И не в одной Москве зарождался этот любопытный вопрос. Едва ли не с большим вниманием старались разрешить его и западные книжные люди, у которых имя Москвы стало разноситься с нескрываемым любопытством еще со времен Флорентийского собора (1439), на котором Европа впервые узнала, что на далеком глухом Севере существует непобедимая Православная сила, именуемая Москвою. С того времени начались и ученые толкования, откуда происходит самое имя этой неведомой дотоле Московии. Писавший о Москве в тридцатых годах XVI ст. ученый историк Павел Иовий обратился за этим толкованием даже и к древнему Птолемею и писал между прочим: «Думаю, что Птолемей под своими Модоками (Амадоками) разумел Москвитян, коих название заимствовано от реки Москвы, протекающей чрез столичный город того же имени».

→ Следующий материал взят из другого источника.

(* Let $F_{ij}$ ($0\le i\le m$, $0\le j\le n$) be a dual-convex $m\times n$ net in $I^3$ and let $V_{ij}\in\mathbb R^3$ be vectors such that for each $0\le k<m$, $0\le l<n$ there is an infinitesimal isotropic congruence $V$ (depending on $k,l$) with $V_{ij}=V(F_{ij})$ for all $i\in\{k,k+1\}$, $j\in\{l,l+1\}$. Then $F_{ij}+tV_{ij}$ is a dual-convex $m\times n$ net for all $t$ sufficiently small in absolute value.
   Context: $I^3$ is $\mathbb{R}^3$ with coordinates $(x,y,z)$; a line or plane is isotropic if parallel to the $z$-axis. An infinitesimal isotropic congruence is a vector field $V(\mathbf x)=a\mathbf x+\mathbf b$ with $\mathbf b\in\mathbb R^3$ and $a=\begin{pmatrix}0&-\phi&0\\ \phi&0&0\\ c_1&c_2&0\end{pmatrix}$, $\phi,c_1,c_2\in\mathbb R$. An $m\times n$ net: points $F_{ij}$, $0\le i\le m,0\le j\le n$, with $F_{ij},F_{i+1,j},F_{i+1,j+1},F_{i,j+1}$ consecutive vertices of a convex planar quadrilateral (face $p_{ij}$) for all $0\le i<m,0\le j<n$. Boundary vertices: $i\in\{0,m\}$ or $j\in\{0,n\}$; consecutive faces around non-boundary $F_{ij}$: $p_{i-1,j-1},p_{i,j-1},p_{ij},p_{i-1,j}$. Convex 4-hedral angle with vertex $O$: union of rays from $O$ meeting a convex quadrilateral in a plane not through $O$; flat angles: rays through one side; admissible: isotropic line through $O$ meets its interior. Dual-convex: $m,n\ge2$ and at each non-boundary vertex the four consecutive face planes are the planes of four consecutive flat angles of an admissible convex 4-hedral angle. *)

From Stdlib Require Import Reals Lra.
Open Scope R_scope.

(* Points / vectors of I^3 = R^3 with coordinates (x,y,z). *)
Record vec3 := V3 { vx : R; vy : R; vz : R }.

Definition vadd (u v : vec3) : vec3 := V3 (vx u + vx v) (vy u + vy v) (vz u + vz v).
Definition vsub (u v : vec3) : vec3 := V3 (vx u - vx v) (vy u - vy v) (vz u - vz v).
Definition vscale (a : R) (u : vec3) : vec3 := V3 (a * vx u) (a * vy u) (a * vz u).
Definition vdot (u v : vec3) : R := vx u * vx v + vy u * vy v + vz u * vz v.
Definition vcross (u v : vec3) : vec3 :=
  V3 (vy u * vz v - vz u * vy v) (vz u * vx v - vx u * vz v) (vx u * vy v - vy u * vx v).
Definition vzero : vec3 := V3 0 0 0.
(* unit vector of the z-axis (isotropic direction) *)
Definition e3 : vec3 := V3 0 0 1.

Definition noncollinear (A B C : vec3) : Prop := vcross (vsub B A) (vsub C A) <> vzero.

Definition in_plane (A B C P : vec3) : Prop :=
  exists s u : R, P = vadd A (vadd (vscale s (vsub B A)) (vscale u (vsub C A))).

Definition same_plane (A B C A' B' C' : vec3) : Prop :=
  forall P, in_plane A B C P <-> in_plane A' B' C' P.

(* A, B, C, D are consecutive vertices of a (non-degenerate) convex planar
   quadrilateral: A, B, C are not collinear and the diagonals AC and BD meet
   at a point interior to both of them (this forces planarity and strict
   convexity). *)
Definition convex_quad (A B C D : vec3) : Prop :=
  noncollinear A B C /\
  exists s u : R, 0 < s < 1 /\ 0 < u < 1 /\
    vadd A (vscale s (vsub C A)) = vadd B (vscale u (vsub D B)).
Lemma near_similarity_step g P b :
  growing g P b -> exists i lam, Lm <= lam <= Lam /\
    scaled_on d (mball d c r) (fun x => f i (g x)) (lam * P) (b * (1 + kappa * (P * r))).
Proof.
  intros (HP & [Hb1 Hb] & HPr & Hg).
  assert (HPr0 : 0 < P * r) by nra.
  pose proof (mul_le_one_of_le_theta c1 (P * r) c1_pos ltac:(lra) HPr Htheta_c1).
  set (rho := 2 * (P * r)).
  assert (Hrho : 0 < rho <= 2 * theta) by (unfold rho; lra).
  assert (Himg : forall x, mball d c r x -> d (g c) (g x) < rho)
    by (intros x Hx; apply (scaled_on_ball_image Hd c r g P b x); auto; lra).
  destruct (Hleb (g c)) as [i HUi].
  assert (HU6 : forall y, d (g c) y < 6 * theta -> U i y) by (intros; apply HUi; lra).
  assert (HUrho : forall y, d (g c) y < rho -> U i y)
    by (intros y Hy; apply HU6; lra).
  assert (Hgneq : forall x y, mball d c r x -> mball d c r y -> x <> y -> g x <> g y).
  { intros x y Hx Hy Hxy E.
    pose proof (scaled_on_dist_pos Hd _ g P b x y HP Hg Hx Hy Hxy).
    rewrite E, (dist_refl Hd) in *. lra. }
  set (lam := stretch d (f i) (g x0) (g y0)).
  assert (Hlam : Lm <= lam) by (apply Hexp; auto).
  exists i, lam. split.
  { split; [exact Hlam|].
    apply (HLam i (g c)); auto;
      (eapply Rlt_le_trans; [apply Himg; assumption | apply Hrho]). }
  assert (0 <= kappa * (P * r)) by (apply Rmult_le_pos; lra).
  apply (scaled_on_comp Hd); try lra; [exact Hg|].
  intros x y Hx Hy Hxy.
  assert (Hs : Lm <= stretch d (f i) (g x) (g y)) by (apply Hexp; auto).
  (* Since every stretch is [>= Lm], the oscillation [4 K rho = kappa (P r) Lm]
     is a relative error of at most [kappa (P r)]. *)
  assert (Herr : 4 * K * rho = kappa * (P * r) * Lm) by (unfold rho, kappa; field; lra).
  pose proof (stretch_near_const i (g c) rho ltac:(lra) ltac:(lra) HUrho
    (g x) (g y) (g x0) (g y0) (Himg x Hx) (Himg y Hy) (Himg x0 Hx0) (Himg y0 Hy0)
    (Hgneq x y Hx Hy Hxy) (Hgneq x0 y0 Hx0 Hy0 Hxy0)) as Hup.
  pose proof (stretch_near_const i (g c) rho ltac:(lra) ltac:(lra) HUrho
    (g x0) (g y0) (g x) (g y) (Himg x0 Hx0) (Himg y0 Hy0) (Himg x Hx) (Himg y Hy)
    (Hgneq x0 y0 Hx0 Hy0 Hxy0) (Hgneq x y Hx Hy Hxy)) as Hdown.
  fold lam in Hup, Hdown.
  assert (kappa * (P * r) * Lm <= kappa * (P * r) * lam) by (apply Rmult_le_compat_l; nra).
  assert (kappa * (P * r) * Lm <= kappa * (P * r) * stretch d (f i) (g x) (g y))
    by (apply Rmult_le_compat_l; nra).
  split; nra.
Qed.

Lemma rescaling_step g P b :
  growing g P b ->
  (exists g' P' b', growing g' P' b' /\ Lm * P <= P') \/ (exists g' P', rescaled g' P').
Proof.
  intros Hgrow. pose proof Hgrow as (HP & [Hb1 Hb] & HPr & _).
  destruct (near_similarity_step g P b Hgrow) as (i & lam & [Hlam HLam_ge] & Hscaled).
  assert (HPr0 : 0 <= P * r) by (apply Rmult_le_pos; lra).
  pose proof (mul_le_one_of_le_theta c1 (P * r) c1_pos HPr0 HPr Htheta_c1) as Hc1Pr.
  pose proof (mul_le_one_of_le_theta kappa (P * r) kappa_pos HPr0 HPr Htheta_kappa) as HkPr.
  assert (0 <= kappa * (P * r)) by (apply Rmult_le_pos; lra).
  set (eps := kappa * (P * r)) in *.
  destruct (Rle_dec (lam * P * r) theta) as [Hsmall|Hlarge].
  - left. exists (fun x => f i (g x)), (lam * P), (b * (1 + eps)).
    split; [|apply Rmult_le_compat_r; lra].
    refine (conj _ (conj (conj _ _) (conj _ Hscaled))); [nra | nra | | lra].
    rewrite Rmult_assoc. apply distortion_step; try exact Hc1Pr; try exact Hb; lra.
  - right. exists (fun x => f i (g x)), (lam * P). split; [split|].
    + lra.
    + rewrite Rmult_assoc. apply Rmult_le_compat; lra.
    + apply (scaled_on_weaken Hd _ _ _ (b * (1 + eps))); [nra | | exact Hscaled].
      replace 4 with (2 * 2) by ring. apply Rmult_le_compat; lra.
Qed.

Lemma rescaling_iterate k :
  (exists g P b, growing g P b /\ Lm ^ k <= P) \/ (exists g P, rescaled g P).
Proof.
  induction k as [|k [(g & P & b & Hgrow & Hk)|Hdone]].
  - left. exists (fun x => x), 1, 1. split; [|simpl; lra].
    refine (conj _ (conj (conj _ _) (conj _ (scaled_on_id _)))); try lra.
    pose proof c1_pos. nra.
  - destruct (rescaling_step g P b Hgrow) as [(g' & P' & b' & Hgrow' & HP')|Hdone].
    + left. exists g', P', b'. split; [exact Hgrow'|]. simpl.
      assert (0 < Lm) by lra. nra.
    + now right.
  - now right.
Qed.

Lemma small_ball_rescaling :
  exists g P, (theta < P * r <= Lam * theta) /\ scaled_on d (mball d c r) g P 4.
Proof.
  destruct (Pow_x_infinity Lm) with (b := theta / r + 1) as [k Hk].
  { rewrite Rabs_pos_eq; lra. }
  specialize (Hk k (le_n k)). rewrite Rabs_pos_eq in Hk by (apply pow_le; lra).
  destruct (rescaling_iterate k) as [(g & P & b & (_ & _ & HPr & _) & HkP)|Hdone];
    [|exact Hdone].
  exfalso.
  assert (theta / r * r < P * r) by (apply Rmult_lt_compat_r; lra).
  replace (theta / r * r) with theta in * by (field; lra). lra.
Qed.

End Iteration.

Lemma small_scale_rescaling :
  exists theta Lam, 0 < theta /\ 1 <= Lam /\
    forall c r x0 y0, 0 < r -> r < theta ->
      mball d c r x0 -> mball d c r y0 -> x0 <> y0 ->
      exists g P, (theta < P * r <= Lam * theta) /\ scaled_on d (mball d c r) g P 4.
Proof.
  set (kappa := 8 * K / Lm). set (c1 := 2 * kappa / (Lm - 1)).
  assert (Hkappa : 0 < kappa) by (apply Rdiv_lt_0_compat; lra).
  assert (Hc1 : 0 < c1) by (apply Rdiv_lt_0_compat; lra).
  destruct (list_lower_bound_pos (fun a => a) [delta / 6; 1 / 8; / c1; / kappa])
    as [theta [Htheta Hmin]].
  { intros a Ha. simpl in Ha.
    repeat destruct Ha as [<-|Ha]; try lra; now apply Rinv_0_lt_compat. }
  destruct (stretch_bound (2 * theta)) as [Lam [HLam1 HLam]]; [lra | |].
  { assert (theta <= 1 / 8) by (apply Hmin; simpl; tauto). lra. }
  exists theta, Lam. split; [exact Htheta|]. split; [exact HLam1|].
  intros c r x0 y0 Hr Hrt Hx0 Hy0 Hxy0.
  apply (small_ball_rescaling theta Lam c r x0 y0); try (apply Hmin; simpl; tauto);
    try assumption.
  intros i c' p q HUi. apply HLam. intros y Hy. apply HUi. lra.
Qed.

End Rescaling.

Theorem theorem6p1 (T : Type) (d : T -> T -> R)
  (N : nat) (U : nat -> T -> Prop) (f : nat -> T -> T)
  (L alpha C : nat -> R) :
  is_metric d ->
  compact_space d ->
  (forall i, (i < N)%nat -> metric_open d (U i)) ->
  (forall x : T, exists i, (i < N)%nat /\ U i x) ->
  (forall i, (i < N)%nat -> 1 < L i /\ 1 <= alpha i /\ 0 < C i) ->
  (forall i, (i < N)%nat -> forall x y z : T,
      U i x -> U i y -> U i z -> x <> y -> x <> z ->
      d (f i x) (f i y) >= L i * d x y /\
      d (f i x) (f i y) / d x y - d (f i x) (f i z) / d x z
        <= C i * Rpower (diam3 d x y z) (alpha i)) ->
  quasi_self_similar d.
Proof.
  intros Hd Hc HU Hcov Hconst Hmap.
  destruct (uniform_expansion_constants Hd N U f L alpha C Hconst Hmap)
    as (Lm & K & HLm & HK & Hexp & Hreg).
  set (V i y := (i < N)%nat /\ U i y).
  destruct (lebesgue_number Hd V Hc) as (delta & Hdelta & Hleb).
  - intros i y [Hi Hy]. destruct (HU i Hi y Hy) as [e [He Hball]].
    exists e. split; [exact He|]. intros z Hz. split; [exact Hi | now apply Hball].
  - intros x. destruct (Hcov x) as [i Hx]. now exists i.
  - destruct (small_scale_rescaling (U := V) (f := f) Hd Hc HLm HK Hdelta Hleb)
      as (theta & Lam & Htheta & HLam & Hresc).
    + intros i x y [Hi Hx] [_ Hy]. now apply Hexp.
    + intros i x y z [Hi Hx] [_ Hy] [_ Hz]. now apply Hreg.
    + exact (quasi_self_similar_of_rescalings Hd theta Lam Htheta HLam Hresc).
Qed.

Наши московские доморощенные гадания о происхождении города Москвы ограничивались очень скромными домыслами и простыми здравыми соображениями, согласно указаниям летописи, существенная черта которой описание лет всегда служила образцом и для составления произвольных полусказочных вставок. Так, самое скромное мышление присвоило основание города Москвы древнему Олегу, несомненно, руководствуясь летописным свидетельством, что Олег, устроившись в Киеве, нача городы ставити и устави дани Словеном, Кривичем и Мери. Если Олег уставлял дани Мерянам и городы сооружал, то в области Мери (Ростов, Суздаль) он должен был из Киева проходить мимо Москвы и очень немудрено, что мог на таком выгодном для себя месте выстроить небольшой городок, если такой городок не существовал еще и до времен Олега. И вот в позднейших летописных записях появляется вставка: «Олег же нача грады ставити многие и прииде на реку глаголемую Москву, в нея же прилежат реки Неглинная и Яуза, и постави град не мал и прозва его Москва и посади на княжение сродников своих».

Впрочем, с таким же вероятием можно было постройку города Москвы присвоить и Святославу, который ходил на Оку и на Волгу и затем победил Вятичей, живших на Оке; но о Святославе начальный летописец не сказывал, что он города ставил. Об Олеге же догадка впоследствии пополнилась новым свидетельством, что древний князь, построив Москву, посадил в ней княжить своего сродника, князя Юрия Владимировича. Здесь выразилась еще неученая деревенская простота в составлении догадок, далеких еще от явного вымысла. Она не в силах была удалиться от летописной правды и позволила себе только нарушить эту правду неверным, но весьма существенным показанием о князе Юрие, все-таки прямом основателе города Москвы. В народной памяти хронология отсутствует.

В том же роде были обработаны и ходившие в Москве народные предания, перепутавшие события и имена в одну связь особого сказания, о котором упомянуто выше.

Но вскоре к деревенской простоте собственно Московских гаданий пришла на помощь Киевская, то есть в сущности Польская историческая ученость в лице Феодосия Софоновича, составившего в 1672 г. целую «Хронику з Летописцев стародавных, з Нестора Печерского и инших, также з хроник Польских о Русии, отколь Русь почалася», а вместе с тем и особую статью «Отколь Москва взяла свое название». Потом в лице Иннокентия Гизеля, по-видимому, сократившего это сочинение в своем знаменитом Синопсисе или «Кратком (собрании) описании о начале Словенского народа» с некоторыми своими прибавками в том же роде[20]; затем и в лице дьякона Холопьего на Мологе монастыря, Тимофея Каменевича-Рвовского 1684–1699 гг., который хотя и был Москвичом, но по прозванию, несомненно, принадлежал к ученым Киева; который поэтому в сочинительстве, как и когда произошли Словены и Руссы, превзошел своих ученых братьев богатством фантазии и необыкновенною смелостью вымысла. Конечно, его труд был только сборником тех литературных измышлений, какие в то время появлялись в Киевских школах по указанию и под влиянием Польской учености.